We're looking for an inference runtime engineer to push the boundaries of what's possible in LLM and diffusion model serving. Models grow larger. Architectures shift: mixture-of-experts, multimodal, agentic. Every breakthrough demands innovations on the inference engine itself. You'll work at the core of vLLM, optimizing how models execute across diverse hardware and architectures. Your work will directly impact how the world runs AI inference.
Minimum qualifications:
Bachelor's degree or equivalent experience in computer science, engineering, or similar.
Deep understanding of transformer architectures and their variants.
Strong programming skills in Python with experience in PyTorch internals.
Experience with LLM inference systems (vLLM, TensorRT-LLM, SGLang, TGI).

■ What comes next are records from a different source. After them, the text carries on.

Lemma lmul_mlin A B : lmul A B = mlin (fun e => mlin (fun f => << eadd e f >>) B) A.
Proof.
apply: eq_bigr => e _; rewrite scaler_sumr; apply: eq_bigr => f _.
by rewrite scalerA.
Qed.

Lemma lmulC : commutative (@lmul K).
Proof.
move=> A B; erewrite !lmul_mlin, mlin_swap.
by apply: eq_in_mlin => f _; apply: eq_in_mlin => e _; rewrite eaddC.
Qed.

Lemma lmulA : associative (@lmul K).
Proof.
move=> A B D; erewrite !lmul_mlin, mlin_mlin; apply: eq_in_mlin => e _ /=.
erewrite !mlin_mlin; apply: eq_in_mlin => f _ /=.
by rewrite mlinU1; erewrite mlin_mlin; apply: eq_in_mlin => g _; rewrite /= mlinU1 eaddA.
Qed.

Lemma lmulZr c A B : lmul A (c *: B) = c *: lmul A B.
Proof. by rewrite [LHS]lmulC [in RHS]lmulC; erewrite !lmul_mlin; rewrite linearZ. Qed.

Lemma lmul1 A : lmul (lone K) A = A.
Proof.
rewrite lmul_mlin mlinU1 -[RHS]mlin_monomials; apply: eq_in_mlin => -[a b] _.
by rewrite /eadd /= add0r.
Qed.

Lemma mcoeff_lmulEw A B (SA SB : {fset int * nat}) g :
  (msupp A `<=` SA)%fset -> (msupp B `<=` SB)%fset ->
  (lmul A B)@_g = \sum_(e <- SA) A@_e * \sum_(f <- SB) B@_f * (eadd e f == g)%:R.
Proof.
move=> sA sB; rewrite lmul_mlin (mcoeff_mlinEw _ _ sA); apply: eq_bigr => e _.
rewrite (mcoeff_mlinEw _ _ sB); congr (_ * _); apply: eq_bigr => f _.
by rewrite mcoeffU.
Qed.

Lemma mcoeff_lmul A B g :
  (lmul A B)@_g =
  \sum_(e <- msupp A) A@_e * \sum_(f <- msupp B) B@_f * (eadd e f == g)%:R.
Proof. exact: mcoeff_lmulEw. Qed.

Definition lexle (e a : int * nat) := (e.1 < a.1) || ((e.1 == a.1) && (e.2 <= a.2)%N).

Lemma lexle_refl e : lexle e e.
Proof. by rewrite /lexle eqxx leqnn orbT. Qed.

Lemma exists_lexmax (s : seq (int * nat)) : s != [::] ->
  exists2 a, a \in s & forall e, e \in s -> lexle e a.
Proof.
elim: s => // x [|y s] IH _.
  by exists x; rewrite ?mem_head // => e; rewrite inE => /eqP ->; apply: lexle_refl.
have [a a_ys a_max] := IH isT; have [x_le_a|a_lt_x] := boolP (lexle x a).
  by exists a => [|e]; rewrite inE ?a_ys ?orbT // => /orP[/eqP->|/a_max].
exists x => [|e]; first exact: mem_head.
rewrite inE => /orP[/eqP->|/a_max]; first exact: lexle_refl.
by move: a_lt_x; rewrite /lexle; lia.
Qed.

Lemma lexle_eadd_eq e f a b :
  lexle e a -> lexle f b -> eadd e f = eadd a b -> e = a /\ f = b.
Proof.
case: e a f b => [e1 e2] [a1 a2] [f1 f2] [b1 b2]; rewrite /lexle /eadd /= => ea fb [s1 s2].
by have [-> -> -> ->] : [/\ e1 = a1, e2 = a2, f1 = b1 & f2 = b2] by split; lia.
Qed.

(* The coefficient of the product at the sum of the lexicographically largest
   exponents of A and B is the product of the corresponding coefficients. *)
Lemma lmul_neq0 A B : A != 0 -> B != 0 -> lmul A B != 0.
Proof.
move=> /enum_msupp_neq_nil /exists_lexmax [a aA a_max].
move=> /enum_msupp_neq_nil /exists_lexmax [b bB b_max].
apply/eqP => /(congr1 (mcoeff (eadd a b))) /eqP.
rewrite mcoeff0 mcoeff_lmul (big_msupp_single (g := a)) => [|e eA ea]; last first.
  rewrite big1_seq ?mulr0 // => f /andP[_ fB]; case: eqP => [|_]; last by rewrite mulr0.
  by case/(lexle_eadd_eq (a_max e eA) (b_max f fB)) => /eqP; rewrite (negbTE ea).
rewrite (big_msupp_single (g := b)) => [|f fB fb]; last first.
  case: eqP => [|_]; last by rewrite mulr0.
  by case/(lexle_eadd_eq (lexle_refl a) (b_max f fB)) => _ /eqP; rewrite (negbTE fb).
by rewrite eqxx mulr1 mulf_eq0 !mcoeff_eq0 aA bB.
Qed.

End LaurentProduct.

Section LeadingFormProduct.
Variables (K : fieldType) (l : nat) (rho sigma : int).
Hypotheses (l_gt0 : (0 < l)%N) (rs_gt0 : 0 < rho + sigma).
Local Notation w := (wval l rho sigma).
Local Notation vrs := (@vrs K l rho sigma).
Local Notation lrs := (@lrs K l rho sigma).
Implicit Types P Q : Wl K.

Definition wmul_exp (e f : int * nat) (i : nat) : int * nat :=
  ((e.1 + f.1 - (i * l)%:Z)%R, (e.2 + f.2 - i)%N).

Lemma wmul_exp0 e f : wmul_exp e f 0 = eadd e f.
Proof. by rewrite /wmul_exp /eadd mul0n subr0 subn0. Qed.

Lemma wval_eadd e f : w (eadd e f) = w e + w f.
Proof.
have l0 : l%:R != 0 :> rat by rewrite pnatr_eq0 -lt0n.
by rewrite /wval /eadd /= rmorphD natrD /=; field.
Qed.

Lemma wval_wmul_exp e f i : (i <= e.2)%N ->
  w (wmul_exp e f i) = w e + w f - i%:R * (rho + sigma)%:~R.
Proof.
move=> le_ie; have l0 : l%:R != 0 :> rat by rewrite pnatr_eq0 -lt0n.
rewrite /wval /wmul_exp /= !rmorphB !rmorphD /= natrB ?natrD; last first.
  exact: leq_trans le_ie (leq_addr _ _).
have -> : (Posz (i * l))%:~R = i%:R * l%:R :> rat by rewrite -natrM.
by field.
Qed.

Lemma wmul_exp_top P Q e f i g :
  e \in msupp P -> f \in msupp Q -> (i <= e.2)%N ->
  vrs P + vrs Q <= w g -> wmul_exp e f i = g ->
  [/\ i = 0%N, w e = vrs P, w f = vrs Q & w g = vrs P + vrs Q].
Proof.
move=> eP fQ le_ie le_g gE; subst g; rewrite wval_wmul_exp // in le_g *.
have we := wval_le_vrs l rho sigma eP; have wf := wval_le_vrs l rho sigma fQ.
have [i0|i_gt0] := posnP i; first by rewrite i0 mul0r subr0 in le_g *; split => //; lra.
have : 0 < i%:R * (rho + sigma)%:~R :> rat by rewrite mulr_gt0 ?ltr0n ?ltr0z.
by move: le_g; move: (_ * _) => x le_g x_gt0; exfalso; lra.
Qed.

Lemma mcoeff_wmul P Q g :
  (wmul l P Q)@_g =
  \sum_(e <- msupp P) P@_e * \sum_(f <- msupp Q) Q@_f *
    \sum_(i < e.2.+1) ('C(e.2, i)%:R * ffact K l f.1 i) * (wmul_exp e f i == g)%:R.
Proof.
rewrite wmul_mlin mcoeff_mlin; apply: eq_bigr => e _; rewrite mcoeff_mlin.
congr (_ * _); apply: eq_bigr => f _; congr (_ * _).
rewrite raddf_sum; apply: eq_bigr => i _.
by apply: etrans (mcoeffZ _ _ _) _; rewrite mcoeffU.
Qed.

Lemma sum_wmul_exp_eq0 e f g :
  (forall i, (i <= e.2)%N -> wmul_exp e f i != g) ->
  \sum_(i < e.2.+1) ('C(e.2, i)%:R * ffact K l f.1 i) * (wmul_exp e f i == g)%:R = 0.
Proof.
by move=> neq; apply: big1 => i _; rewrite (negbTE (neq i _)) ?mulr0 // -ltnS.
Qed.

Ability to read and implement model architectures and inference techniques from research papers.
Demonstrate the ability to contribute performant and maintainable code and debug in complex ML codebases.
Preferred qualifications:
Deep understanding of KV-cache memory management, prefix caching, and hybrid model serving.
Familiarity with RL frameworks and algorithms for LLMs.
Experience with multimodal inference (audio/image/video/text).
Contributions to open-source ML or system infrastructure projects.
Bonus points if you have:
Implemented core features in vLLM or other inference engine projects.
Contributed to vLLM integrations (verl, OpenRLHF, Unsloth, LlamaFactory, etc).
Written widely-shared technical blogs or side projects on vLLM or LLM inference.
Location: Fully remote, worldwide. We're timezone-flexible but expect regular overlap with Pacific Time for critical syncs.
Compensation: We offer competitive compensations (salary + equity) compared to the local market conditions.
Visa sponsorship: We sponsor visas on a case-by-case basis.
Benefits: Inferact offers competitive benefits appropriate to your location, including health coverage where applicable.